“MY CHILD DOESN’T get enough ice time.”
“I could coach the kids better than that!”
“My child told me about something that happened in the locker room.”
Parent complaints about their children’s coaches, from allegations of serious misconduct to interference in decision making, are not a new phenomenon. School administrators long have been on the receiving end of phone calls and e-mails. What’s new is the emotional volatility, fueled by social media, once other adults voice their support for the coach.
At that point, a district and its top leader can end up in the middle of a virulent, cross-community debate. Separating parents’ valid concerns of misconduct from Monday morning quarterbacks can be a challenge for even the most seasoned school administrators.
Regardless of how a complaint is presented, the worst reaction is to ignore it. The recent allegations raised by competitive gymnasts point to the peril of failing to act. USA Gymnastics now faces dozens of lawsuits alleging it ignored credible reports and warning signs of sexual abuse.
Of course, most complaints over coaches are not about sexual abuse or other significant misconduct.
A respected high school basketball coach in northern Minnesota recently and very publicly quit coaching after 22 years, citing parents as the primary cause. The coach, a retired police officer, expressed frustration with the anger and hostility of a small but growing number of parents. “If you win, it doesn’t matter. If you lose, it doesn’t matter. If their kid doesn’t get enough playing time — look out,” the coach told the local newspaper, the Brainerd Dispatch
As the examples suggest, school districts have to delicately balance their response to parental complaints. To complicate matters, it is not unusual for complaints about coaches to be made directly to the school board.
As such, school board members must be aware that a complaint made to them, even an informal complaint, can be used as evidence that the school district was aware of an allegation of misconduct. Depending on the type of claim (e.g., discrimination or sexual misconduct), this could have serious legal repercussions for the school district. Accordingly, school members and administrators should not agree to keep parent or student complaints “confidential,” but should be encouraged to direct all complaints to the athletic director or other appropriate administrator for handling.
After receiving a complaint, the school district should follow its internal policies and procedures for investigating. The nature of the allegations, as well as the applicable policy, will determine the scope of the investigation. While many complaints will fall into the playing time category, which generally can be resolved quickly, some complaints will require more extensive investigation.

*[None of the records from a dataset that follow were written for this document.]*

Lemma frob_nearestP N (L Lp : 'M[R]_N) (v y : 'cV[R]_N) : v != 0 ->
  frob_nearest L v y Lp <-> Lp = L + (dot v v)^-1 *: ((y - L *m v) *m v^T).
Proof.
rewrite -dot_eq0 => vv0; set Lp0 := L + _.
have Lp0v : Lp0 *m v = y.
  rewrite mulmxDl -scalemxAl -mulmxA mulmx_dot scalerA mulVf // scale1r.
  by rewrite addrC subrK.
(* [Lp0 - L] is a multiple of [_ *m v^T], hence Frobenius-orthogonal to any
   [M - Lp0] that kills [v]. *)
have pythagoras M : M *m v = y -> frob2 (M - L) = frob2 (Lp0 - L) + frob2 (M - Lp0).
  move=> Mv; have -> : M - L = (Lp0 - L) + (M - Lp0) by rewrite [RHS]addrC addrA subrK.
  rewrite frob2D.
  suff -> : \tr ((Lp0 - L)^T *m (M - Lp0)) = 0 by rewrite mulr0 addr0.
  rewrite addrC addKr linearZ /= -scalemxAl mxtraceZ trmx_mul trmxK -mulmxA.
  by rewrite mxtrace_mulC -mulmxA mulmxBl Mv Lp0v subrr mulmx0 linear0 mulr0.
split => [[Lpv Lpmin] | ->].
  have : frob2 (Lp - L) <= frob2 (Lp0 - L) := Lpmin Lp0 Lp0v.
  rewrite (pythagoras Lp Lpv) -lerBrDl subrr => le0.
  apply/eqP; rewrite -subr_eq0; apply/eqP/frob2_eq0.
  by apply/eqP; rewrite eq_le le0 frob2_ge0.
split => // M Mv; rewrite -[leRHS]/(frob2 _) (pythagoras M Mv) lerDl; exact: frob2_ge0.
Qed.

Lemma bfgs_mx_mul N (H : 'M[R]_N) s y x :
  bfgs_mx H s y *m x =
  H *m x - (dot (H *m s) x / dot s (H *m s)) *: (H *m s) + (dot y x / dot y s) *: y.
Proof.
rewrite /bfgs_mx !mulmxDl mulNmx -!scalemxAl -!mulmxA !mulmx_dot !scalerA.
by rewrite scalemxAr scalerA -scalemxAr ![_^-1 * _]mulrC.
Qed.

Lemma bfgs_mx_tr N (H : 'M[R]_N) s y :
  H^T = H -> (bfgs_mx H s y)^T = bfgs_mx H s y.
Proof.
move=> Hsym; rewrite /bfgs_mx !raddfD /= !raddfN /= !linearZ /=.
by rewrite !trmx_mul !trmxK Hsym.
Qed.

Lemma bfgs_mx_secant N (H : 'M[R]_N) s y :
  dot (H *m s) s != 0 -> dot y s != 0 -> bfgs_mx H s y *m s = y.
Proof.
by move=> sHs ys; rewrite bfgs_mx_mul (dotC s) !divff // !scale1r subrr add0r.
Qed.

Lemma mulmx_tr_rank_one_update N (L : 'M[R]_N) (v w : 'cV[R]_N) c :
  (L + c *: (w *m v^T)) *m (L + c *: (w *m v^T))^T =
  L *m L^T + c *: (L *m v *m w^T) + c *: (w *m (L *m v)^T)
    + (c ^+ 2 * dot v v) *: (w *m w^T).
Proof.
rewrite raddfD /= linearZ /= trmx_mul trmxK mulmxDl !mulmxDr.
have -> : L *m (c *: (v *m w^T)) = c *: (L *m v *m w^T) by rewrite -scalemxAr mulmxA.
have -> : c *: (w *m v^T) *m L^T = c *: (w *m (L *m v)^T).
  by rewrite -scalemxAl trmx_mul mulmxA.
rewrite -scalemxAl -scalemxAr !mulmxA -(mulmxA w) mulmx_dot -scalemxAl !scalerA.
by rewrite expr2 mulrA !addrA.
Qed.

Section FactoredBFGS.
Variables (N : nat) (L : 'M[R]_N) (s y : 'cV[R]_N).
Let u := L^T *m s.

Lemma dot_mulmx_tr x z : dot (L *m L^T *m x) z = dot (L^T *m x) (L^T *m z).
Proof. by rewrite -mulmxA dotMl. Qed.

Lemma quad_mulmx_tr : (s^T *m (L *m L^T) *m s) 0 0 = dot u u.
Proof. by rewrite -mulmxA -/(dot s _) dotC dot_mulmx_tr. Qed.

Lemma bfgs_mx_quad x : dot u u != 0 -> dot y s != 0 ->
  let v := L^T *m x in let w := v - (dot v u / dot u u) *: u in
  (x^T *m bfgs_mx (L *m L^T) s y *m x) 0 0 = dot w w + dot y x ^+ 2 / dot y s.
Proof.
move=> uu ys v w; rewrite -mulmxA -/(dot x _) bfgs_mx_mul (dotC s).
rewrite dotDr dotBr !dotZr -[dot x (_ *m x)]dotC -[dot x (_ *m s)]dotC.
rewrite !dot_mulmx_tr -/u -/v /w dotBl !dotBr !dotZl !dotZr (dotC u v) (dotC x y).
by field; rewrite ys uu.
Qed.

Hypotheses (Lunit : L \in unitmx) (ys_gt0 : 0 < dot y s).
Let LTunit : L^T \in unitmx. Proof. by rewrite unitmx_tr. Qed.

Lemma dot_mulmx_tr_gt0 : 0 < dot u u.
Proof.
have s0 : s != 0 by apply: contraTneq ys_gt0 => ->; rewrite /dot mulmx0 mxE ltxx.
rewrite lt_def dot_ge0 andbT dot_eq0; apply: contra s0 => /eqP u0.
by rewrite -(mulKmx LTunit s) -/u u0 mulmx0.
Qed.

Lemma bfgs_mx_posdef (x : 'cV[R]_N) :
  x != 0 -> 0 < (x^T *m bfgs_mx (L *m L^T) s y *m x) 0 0.
Proof.
have uu := dot_mulmx_tr_gt0.
move=> x0; rewrite bfgs_mx_quad ?gt_eqF //.
set v := L^T *m x; set lam := dot v u / dot u u; set w := v - lam *: u.
have yx2_ge0 : 0 <= dot y x ^+ 2 / dot y s by rewrite divr_ge0 ?sqr_ge0 ?ltW.
rewrite lt_def (addr_ge0 (dot_ge0 w) yx2_ge0) andbT paddr_eq0 ?dot_ge0 //.
apply: contra x0 => /andP[]; rewrite dot_eq0 subr_eq0 => /eqP vE.
have -> : x = lam *: s by rewrite -(mulKmx LTunit x) -/v vE -scalemxAr mulKmx.
rewrite dotZr mulf_eq0 invr_eq0 (gt_eqF ys_gt0) orbF expf_eq0 /= mulf_eq0 (gt_eqF ys_gt0).
by rewrite orbF => /eqP ->; rewrite scale0r.
Qed.

Lemma dot_scaled_mulmx_tr alpha : alpha ^+ 2 = dot y s / dot u u ->
  dot (alpha *: u) (alpha *: u) = dot y s.
Proof.
move=> alpha2; rewrite dotZl dotZr mulrA -expr2 alpha2 mulfVK //.
by rewrite gt_eqF ?dot_mulmx_tr_gt0.
Qed.

Lemma bfgs_mx_factor alpha : alpha ^+ 2 = dot y s / dot u u ->
  let v := alpha *: u in
  let Lp := L + (dot v v)^-1 *: ((y - L *m v) *m v^T) in
  Lp *m Lp^T = bfgs_mx (L *m L^T) s y.
Proof.
move=> alpha2 v Lp; rewrite /Lp mulmx_tr_rank_one_update.
have Lv : L *m v = alpha *: (L *m L^T *m s) by rewrite /v -scalemxAr mulmxA.
rewrite Lv dot_scaled_mulmx_tr // /bfgs_mx quad_mulmx_tr -/(dot y s).
have ys0 : dot y s != 0 by rewrite gt_eqF.
have a0 : alpha != 0.
  have : alpha ^+ 2 != 0 by rewrite alpha2 mulf_neq0 ?invr_eq0 ?gt_eqF ?dot_mulmx_tr_gt0.
  by rewrite expf_eq0.
have -> : dot u u = dot y s / alpha ^+ 2.
  by rewrite alpha2 invf_div mulrCA mulfV ?mulr1.
apply/matrixP => i j; rewrite !(mxE, big_ord1).
by field; rewrite ys0 a0.
Qed.

Lemma bfgs_mx_optimal : bfgs_optimal (L *m L^T) L s y (bfgs_mx (L *m L^T) s y).
Proof.
have uu := dot_mulmx_tr_gt0; have ys0 : dot y s != 0 by rewrite gt_eqF.
split.
- by apply: bfgs_mx_secant; rewrite // dot_mulmx_tr gt_eqF.
- by apply: bfgs_mx_tr; rewrite trmx_mul trmxK.
- exact: bfgs_mx_posdef.
move=> alpha; rewrite quad_mulmx_tr -/(dot y s) -/u => alpha2.
have v0 : alpha *: u != 0 by rewrite -dot_eq0 dot_scaled_mulmx_tr.
split; first by eexists; apply/(frob_nearestP _ _ _ v0).
by move=> Lp /(frob_nearestP _ _ _ v0) ->; rewrite bfgs_mx_factor.
Qed.
End FactoredBFGS.
End EuclideanBFGS.

Lemma mulmx_middle (R : pzRingType) a b c d e (M1 : 'M[R]_(a, b))
    (M2 : 'M[R]_(b, c)) (M3 : 'M[R]_(c, d)) (M4 : 'M[R]_(d, e)) :
  M1 *m M2 *m (M3 *m M4) = M1 *m (M2 *m M3) *m M4.
Proof. by rewrite !mulmxA. Qed.

Lemma mulmx_tr_proj_compl (R : pzRingType) m p q (X : 'M[R]_(m, p))
    (M : 'M[R]_(m, q)) :
  X^T *m X = 1%:M -> X^T *m ((1%:M - X *m X^T) *m M) = 0.
Proof. by move=> XX; rewrite mulmxA mulmxBr mulmx1 mulmxA XX mul1mx subrr mul0mx. Qed.

Lemma orthonormal_le (R : fieldType) m p (X : 'M[R]_(m, p)) :
  X^T *m X = 1%:M -> (p <= m)%N.
Proof.
move=> XX; rewrite -[p](mxrank1 R) -XX.
exact: leq_trans (mxrankM_maxl _ _) (rank_leq_col _).
Qed.

Lemma orthonormal_blocks_complete (R : fieldType) m p q (epq : (p + q)%N = m)
    (X : 'M[R]_(m, p)) (Y : 'M[R]_(m, q)) :
  X^T *m X = 1%:M -> Y^T *m Y = 1%:M -> X^T *m Y = 0 -> X *m X^T + Y *m Y^T = 1%:M.
Proof.
case: m / epq X Y => X Y XX YY XY.
have YX : Y^T *m X = 0 by rewrite -[Y^T *m X]trmxK trmx_mul trmxK XY trmx0.
have : (row_mx X Y)^T *m row_mx X Y = 1%:M.
  by rewrite tr_row_mx mul_col_row XX YY XY YX -scalar_mx_block.
by move/mulmx1C; rewrite tr_row_mx mul_row_col.
Qed.

Lemma orth_complP (R : realType) n r (X : 'M[R]_(n, r)) (Y : 'M[R]_(n, n - r)) :
  X^T *m X = 1%:M -> Y^T *m Y = 1%:M -> X^T *m Y = 0 -> orth_compl X Y.
Proof.
move=> XX YY XY; split => //.
exact: orthonormal_blocks_complete (subnKC (orthonormal_le XX)) _ _ XX YY XY.
Qed.

Section Trigonometric.
Variables (R : realType) (m : nat) (sg : 'rV[R]_m) (t : R).

Lemma tr_cosm : (cosm sg t)^T = cosm sg t. Proof. exact: tr_diag_mx. Qed.
Lemma tr_sinm : (sinm sg t)^T = sinm sg t. Proof. exact: tr_diag_mx. Qed.

Lemma diag_mul_entry (a b : 'rV[R]_m) i j :
  (diag_mx a *m diag_mx b) i j = a 0 i * b 0 i *+ (i == j).
Proof. by rewrite mul_diag_mx !mxE mulrnAr. Qed.

Lemma cosm_sinmC : cosm sg t *m sinm sg t = sinm sg t *m cosm sg t.
Proof. by apply/matrixP => i j; rewrite !diag_mul_entry mulrC. Qed.

Lemma cosm2_sinm2 : cosm sg t *m cosm sg t + sinm sg t *m sinm sg t = 1%:M.
Proof.
by apply/matrixP => i j; rewrite mxE !diag_mul_entry !mxE -mulrnDl -!expr2 cos2Dsin2.
Qed.

Lemma mulmx_diag0_sinm_cosm p (A : 'M[R]_(p, m)) : A *m diag_mx sg = 0 ->
  A *m sinm sg t = 0 /\ A *m cosm sg t = A.
Proof.
move=> /matrixP A0.
have A0' i j : A i j = 0 \/ sg 0 j = 0.
  move: (A0 i j); rewrite mul_mx_diag !mxE => /eqP.
  by rewrite mulf_eq0 => /orP[]/eqP; [left | right].
split; apply/matrixP => i j; rewrite mul_mx_diag !mxE;
  by case: (A0' i j) => ->; rewrite ?mul0r ?sin0 ?cos0 ?mulr0 ?mulr1.
Qed.
End Trigonometric.

Section GeodesicFrame.
Variables (R : realType) (n r : nat) (X D U : 'M[R]_(n, r)).
Variables (sigma : 'rV[R]_r) (V : 'M[R]_r) (t : R).
Hypotheses (XX : X^T *m X = 1%:M) (hD : X^T *m D = 0) (hsvd : thin_svd D U sigma V).
Variable Yb : 'M[R]_(n, n - r).
Hypotheses (YY : Yb^T *m Yb = 1%:M) (XY : X^T *m Yb = 0).

Local Notation C := (cosm sigma t).
Local Notation S := (sinm sigma t).

Let W := X *m V.
Let A := X^T *m U.
Let E := C - 1%:M.

(* Expanding the block products gives [X(t) = Q V^T] and [T(t) = 1 + K U^T]. *)
Local Notation Q := (W *m C + U *m S).
Local Notation K := (W *m - S + U *m E).

Let UU : U^T *m U = 1%:M. Proof. by case: hsvd. Qed.
Let VV : V^T *m V = 1%:M. Proof. by case: hsvd. Qed.
(* Let $-\infty\le a<b\le\infty$, let $\kappa,\varphi:(a,b)\to\mathbb C$ be measurable with $\kappa\in L^2(a,b)$ and $\mathbb 1_{(a,c)}\varphi\in L^2(a,b)$ for every $c\in(a,b)$. Choose $c_0:=a<c_1<c_2<\dots<b$ with $\|\mathbb 1_{(c_n,b)}\kappa\|^2=2^{-n}\|\kappa\|^2$, $n\in\mathbb N$, and set $J_n=(c_{n-1},c_n)$, $\omega_n=\|\mathbb 1_{J_n}\kappa\|\cdot\|\mathbb 1_{J_n}\varphi\|$. Then \[ \lim_{n\to\infty}\omega_n=0\iff\lim_{t\nearrow b}\|\mathbb 1_{(a,t)}\varphi\|\cdot\|\mathbb 1_{(t,b)}\kappa\|=0 . \]
   Context: Norms are $L^2(a,b)$-norms; $\mathbb 1_E$ is the indicator function of $E$. *)

From HB Require Import structures.
From mathcomp Require Import all_boot all_order all_algebra.
From mathcomp Require Import all_classical all_reals all_analysis.
From mathcomp Require complex.
Set Implicit Arguments. Unset Strict Implicit. Unset Printing Implicit Defensive.
Import Order.TTheory GRing.Theory Num.Theory.
Import numFieldNormedType.Exports.
Local Open Scope classical_set_scope.
Local Open Scope ring_scope.

Notation cplx R := (complex.complex R).

Definition eitv {R : realType} (u v : \bar R) : set R :=
  [set x : R | ((u < x%:E) && (x%:E < v))%E].

Definition csq {R : realType} (z : cplx R) : R :=
  (complex.Re z) ^+ 2 + (complex.Im z) ^+ 2.
(* Let $\lambda\in ba(\mathcal A)$ and let $(h_a)_{a\in\mathfrak A}$ be a uniformly bounded net in $\mathcal B(\mathcal A)$. There exists a uniformly bounded sequence $(f_n)$ in $\mathcal S(\mathcal A)$ which is Cauchy in $L^1(\mu)$ for all $\mu\in ba(\mathcal A,\lambda)$ and such that $\operatorname{LIM}_a\mu(h_a1_A)=\lim_n\mu(f_n1_A)$ for all $A\in\mathcal A$ and $\mu\in ba(\mathcal A,\lambda)$. If $(h_a)$ is increasing, $(f_n)$ can be chosen increasing as well.
   Context: $\mathcal A$ algebra of subsets of $\Omega$; $ba(\mathcal A)$ bounded finitely additive real set functions, total variation $|\mu|$. $\mathcal S(\mathcal A)$ the $\mathcal A$-simple functions, $\mathcal B(\mathcal A)$ its closure under the sup norm. $ba(\mathcal A,\lambda)=\{\mu:\mu\ll\lambda\}$, where $\mu\ll\lambda$ means for every $\varepsilon>0$ there is $\delta>0$ with $|\lambda|(A)<\delta\Rightarrow|\mu|(A)<\varepsilon$. $\operatorname{LIM}_a$ denotes a fixed Banach limit over the directed set $\mathfrak A$ (a norm-one positive linear functional on bounded real nets indexed by $\mathfrak A$ extending the limit of convergent nets). A sequence $(f_n)$ of simple functions is Cauchy in $L^1(\mu)$ if $\lim_n\sup_{p,q}|\mu|(|f_{n+p}-f_{n+q}|)=0$. *)

From Stdlib Require Import Reals List ClassicalEpsilon.
Import ListNotations.
Open Scope R_scope.

Definition setU {Om : Type} (A B : Om -> bool) : Om -> bool := fun w => orb (A w) (B w).
Definition setC {Om : Type} (A : Om -> bool) : Om -> bool := fun w => negb (A w).
Definition setT {Om : Type} : Om -> bool := fun _ => true.
Definition set0 {Om : Type} : Om -> bool := fun _ => false.
Definition disj {Om : Type} (A B : Om -> bool) : Prop := forall w, andb (A w) (B w) = false.

Record is_algebra {Om : Type} (Alg : (Om -> bool) -> Prop) : Prop := {
  alg_full : Alg setT;
  alg_compl : forall A, Alg A -> Alg (setC A);
  alg_union : forall A B, Alg A -> Alg B -> Alg (setU A B)
}.

Definition is_ba {Om : Type} (Alg : (Om -> bool) -> Prop) (mu : (Om -> bool) -> R) : Prop :=
  (forall A B, Alg A -> Alg B -> disj A B -> mu (setU A B) = mu A + mu B) /\
  (exists M, forall A, Alg A -> Rabs (mu A) <= M).

Definition Rsup (P : R -> Prop) : R := epsilon (inhabits 0) (fun l => is_lub P l).

Definition sumR (l : list R) : R := fold_right Rplus 0 l.

Definition is_partition {Om : Type} (Alg : (Om -> bool) -> Prop)
  (A : Om -> bool) (l : list (Om -> bool)) : Prop :=
  Forall Alg l /\
  (forall i j, (i < length l)%nat -> (j < length l)%nat -> i <> j ->
     disj (nth i l set0) (nth j l set0)) /\
  (forall w, A w = true <-> exists B, In B l /\ B w = true).

Definition tv {Om : Type} (Alg : (Om -> bool) -> Prop) (mu : (Om -> bool) -> R)
  (A : Om -> bool) : R :=
  Rsup (fun s => exists l, is_partition Alg A l /\ s = sumR (map (fun B => Rabs (mu B)) l)).

Definition abs_cont {Om : Type} (Alg : (Om -> bool) -> Prop) (mu lam : (Om -> bool) -> R) : Prop :=
  forall eps, 0 < eps -> exists delta, 0 < delta /\
    forall A, Alg A -> tv Alg lam A < delta -> tv Alg mu A < eps.
Lemma closed_osc_ge e : closed (osc_ge e).
Proof.
move=> x clx dl dl0.
have [y [Ey]] := clx _ (nbhsx_ballx x (dl / 2) ltac:(lra)).
rewrite -ball_normE /= => /ltr_normlP[? ?].
have [y1 [z1 [/ltr_normlP[? ?] /ltr_normlP[? ?] Fyz]]] := Ey (dl / 2) ltac:(lra).
by exists y1, z1; split => //; apply/ltr_normlP; split; lra.
Qed.

Lemma not_continuous_osc_ge x :
  ~ {for x, continuous F} -> exists k : nat, osc_ge k.+1%:R^-1 x.
Proof.
move=> ncont; apply: contrapT => /forallNP nosc; apply: ncont.
apply/cvgrPdist_lt => e e0; have [k ke] := invSn_lt e0.
have /existsNP[dl /not_implyP[dl0 /forallNP far]] := nosc k.
apply/nbhs_ballP; exists dl => // y /= xy.
rewrite ltNge; apply/negP => Fxy; apply: (far y); exists x.
split; [by rewrite distrC | by rewrite subrr normr0 |].
by rewrite distrC (le_trans _ Fxy) // ltW.
Qed.

Lemma closure_graphP p :
  closure G p <-> forall e, 0 < e -> exists x, ball p e (x, F x).
Proof.
split => [clp e e0 | near B /nbhs_ballP[e e0 peB]].
- by have [[x y] [/= yFx pxy]] := clp _ (nbhsx_ballx p e e0); exists x; rewrite -yFx.
- by have [x px] := near e e0; exists (x, F x); split => //; exact: peB.
Qed.

Hypothesis Fconn : connected G.

Lemma connected_graph_avoid {P Q : set R} {a b : R} : a <= b -> open P -> open Q ->
  P `&` Q = set0 -> P (F a) -> Q (F b) ->
  exists2 s, a <= s <= b & ~ P (F s) /\ ~ Q (F s).
Proof.
move=> ab oP oQ PQ0 Pa Qb; apply: contrapT => /forall2NP cover.
have PQ t : P t -> Q t -> False by move=> Pt Qt; have : (P `&` Q) t by []; rewrite PQ0.
have {}cover s : a <= s <= b -> P (F s) \/ Q (F s).
  move=> sab; have [//|/not_andP] := cover s.
  by move=> [/contrapT|/contrapT]; [left|right].
have lt_ab : a < b.
  by rewrite lt_neqAle ab andbT; apply/eqP => eab; apply: (PQ (F a)); rewrite // eab.
have open_fst (A : set R) : open A -> open (fst @^-1` A : set (R * R)).
  by apply: open_comp => p _; exact: cvg_fst.
have open_snd (A : set R) : open A -> open (snd @^-1` A : set (R * R)).
  by apply: open_comp => p _; exact: cvg_snd.
pose W1 := [set p : R * R | p.1 < a \/ p.1 < b /\ P p.2].
pose W2 := [set p : R * R | b < p.1 \/ a < p.1 /\ Q p.2].
have oW1 : open W1.
  apply: openU; first exact: (open_fst _ (@open_lt _ a)).
  by apply: openI; [exact: (open_fst _ (@open_lt _ b)) | exact: open_snd].
have oW2 : open W2.
  apply: openU; first exact: (open_fst _ (@open_gt _ b)).
  by apply: openI; [exact: (open_fst _ (@open_gt _ a)) | exact: open_snd].
have W12 : W1 `&` W2 = set0.
  apply/seteqP; split => // -[x y] [/= [xa|[xb Py]] [bx|[ax Qy]]]; try lra.
  exact: PQ Py Qy.
have GW : G `<=` W1 `|` W2.
  move=> [x y]; rewrite /graph /W1 /W2 /= => ->.
  have [xa|ax] := ltP x a; first by left; left.
  have [bx|xb] := ltP b x; first by right; left.
  have [Px|Qx] := cover x ltac:(by rewrite ax xb).
  - left; right; split => //; rewrite lt_neqAle xb andbT.
    by apply/eqP => xb'; apply: (PQ (F x)); rewrite // xb'.
  - right; right; split => //; rewrite lt_neqAle ax andbT.
    by apply/eqP => ax'; apply: (PQ (F x)); rewrite // -ax'.
have [GW1|GW2] := connected_subset (open_disjoint_separated oW1 oW2 W12) GW Fconn.
- by have [/=|[/=]] := GW1 (b, F b) erefl; lra.
- by have [/=|[/=]] := GW2 (a, F a) erefl; lra.
Qed.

School districts should seriously consider retaining an attorney or other outside investigator for serious complaints, including allegations of hazing, unlawful harassment, discrimination or abuse.
School districts also must be careful in their public communication about the complaints made against a coach. State law and, to the extent there is information about current or former students, the Family Educational Rights and Privacy Act restrict what information can be shared publicly.
For more serious misconduct, a school board may consider terminating a coach’s duties. The district should be aware of any procedural rights the coach may have. While these rights vary by state or contract terms, coaches typically have greater procedural rights associated with a termination during the life of an existing contract. In Minnesota, varsity head coaches have procedural rights after the nonrenewal of their annual contract. School districts ought to consult legal counsel for options.
School districts must use a defined process to funnel complaints to appropriate administrators, investigate the complaints promptly and then take appropriate action — always keeping in mind the procedural rights of the coaches. Having a process in place will assist in separating out valid complaints and help to minimize public disruption and exposure to potential liability.